What’s the difference in working with web2 and web3 teams?
Web3 teams usually move quickly and have clear priorities — it’s very product-driven.
Web2 clients are more cautious. They’ve got legacy systems and often need more support, so we offer pilots, proofs of concept, and a hands-on onboarding process.
You’ve got a goal of reaching 1,000 virtual chains in 2025. How do you measure success?
It’s not just about the number. A dormant chain doesn’t help anyone.
We look at “productive TVL”. This is capital that’s active and generating value. We also track user growth, transaction volumes, and engagement across our stack, like Aurora Wallet, Aurora+, and NEAR Intents.
What’s been the biggest hurdle so far?
Convincing teams that our solution really is as simple and low-cost as we say. People expect blockchain to be complicated. So education is huge.
And we’ve had to adapt fast to support trends like gaming, AI, and real-world assets.
Any new developments in the pipeline?
Yes, we’re about to launch a marketplace for all virtual chains. We’ve got over 140 chains and 500+ registered teams already.

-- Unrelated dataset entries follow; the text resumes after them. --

Set Implicit Arguments.
Unset Strict Implicit.
Unset Printing Implicit Defensive.

Import Order.TTheory GRing.Theory Num.Theory.
Import numFieldNormedType.Exports.

Local Open Scope classical_set_scope.
Local Open Scope ring_scope.

Section RoeDefs.
Context {R : realType} {d : measure_display} {X : measurableType d}.
Variable dist : X -> X -> R.

Definition is_metric : Prop :=
  [/\ (forall x y, 0 <= dist x y),
      (forall x y, dist x y = 0 <-> x = y),
      (forall x y, dist x y = dist y x) &
      (forall x y z, dist x z <= dist x y + dist y z)].

Definition cball (x : X) (r : R) : set X := [set y | dist x y <= r].

Definition dopen (U : set X) : Prop :=
  forall x, U x -> exists2 r : R, 0 < r & [set y | dist x y < r] `<=` U.

Definition dcompact (A : set X) : Prop :=
  forall G : set (set X), G `<=` dopen -> A `<=` \bigcup_(U in G) U ->
    exists (n : nat) (V : nat -> set X),
      (forall i, (i < n)%N -> G (V i)) /\ A `<=` \bigcup_(i in [set i | (i < n)%N]) V i.

Definition proper_space : Prop := forall x r, dcompact (cball x r).

Definition borel_structure : Prop := (@measurable d X) = <<s dopen >>.

Definition radon (mu : {measure set X -> \bar R}) : Prop :=
  [/\ (forall x, exists U, [/\ dopen U, U x & (mu U < +oo)%E]),
      (forall A, measurable A ->
         mu A = ereal_inf [set mu U | U in [set U | dopen U /\ A `<=` U]]) &
      (forall U, dopen U ->
         mu U = ereal_sup [set mu K | K in [set K | [/\ dcompact K, measurable K & K `<=` U]]])].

The marketplace will offer services like legal, marketing, tokenomics, cloud hosting, and GPU access. Think of it like an App Store for chains. It gives teams what they need, and providers a platform to be discovered.
Sounds like a big step for the ecosystem.
It is. Partners are already lining up. It’s good for everyone. Teams get trusted services, providers get visibility, and we build stronger, more successful chains.
What are you bullish on beyond Aurora?
Bitcoin. With ETFs and clearer regulation, it’s becoming more relevant. We’ve just added it as a base token for virtual chains.
There are over 75 Bitcoin L2s now being built, so it’s finally becoming usable, not just an idle asset. I think we’ll see it powering real-world apps soon.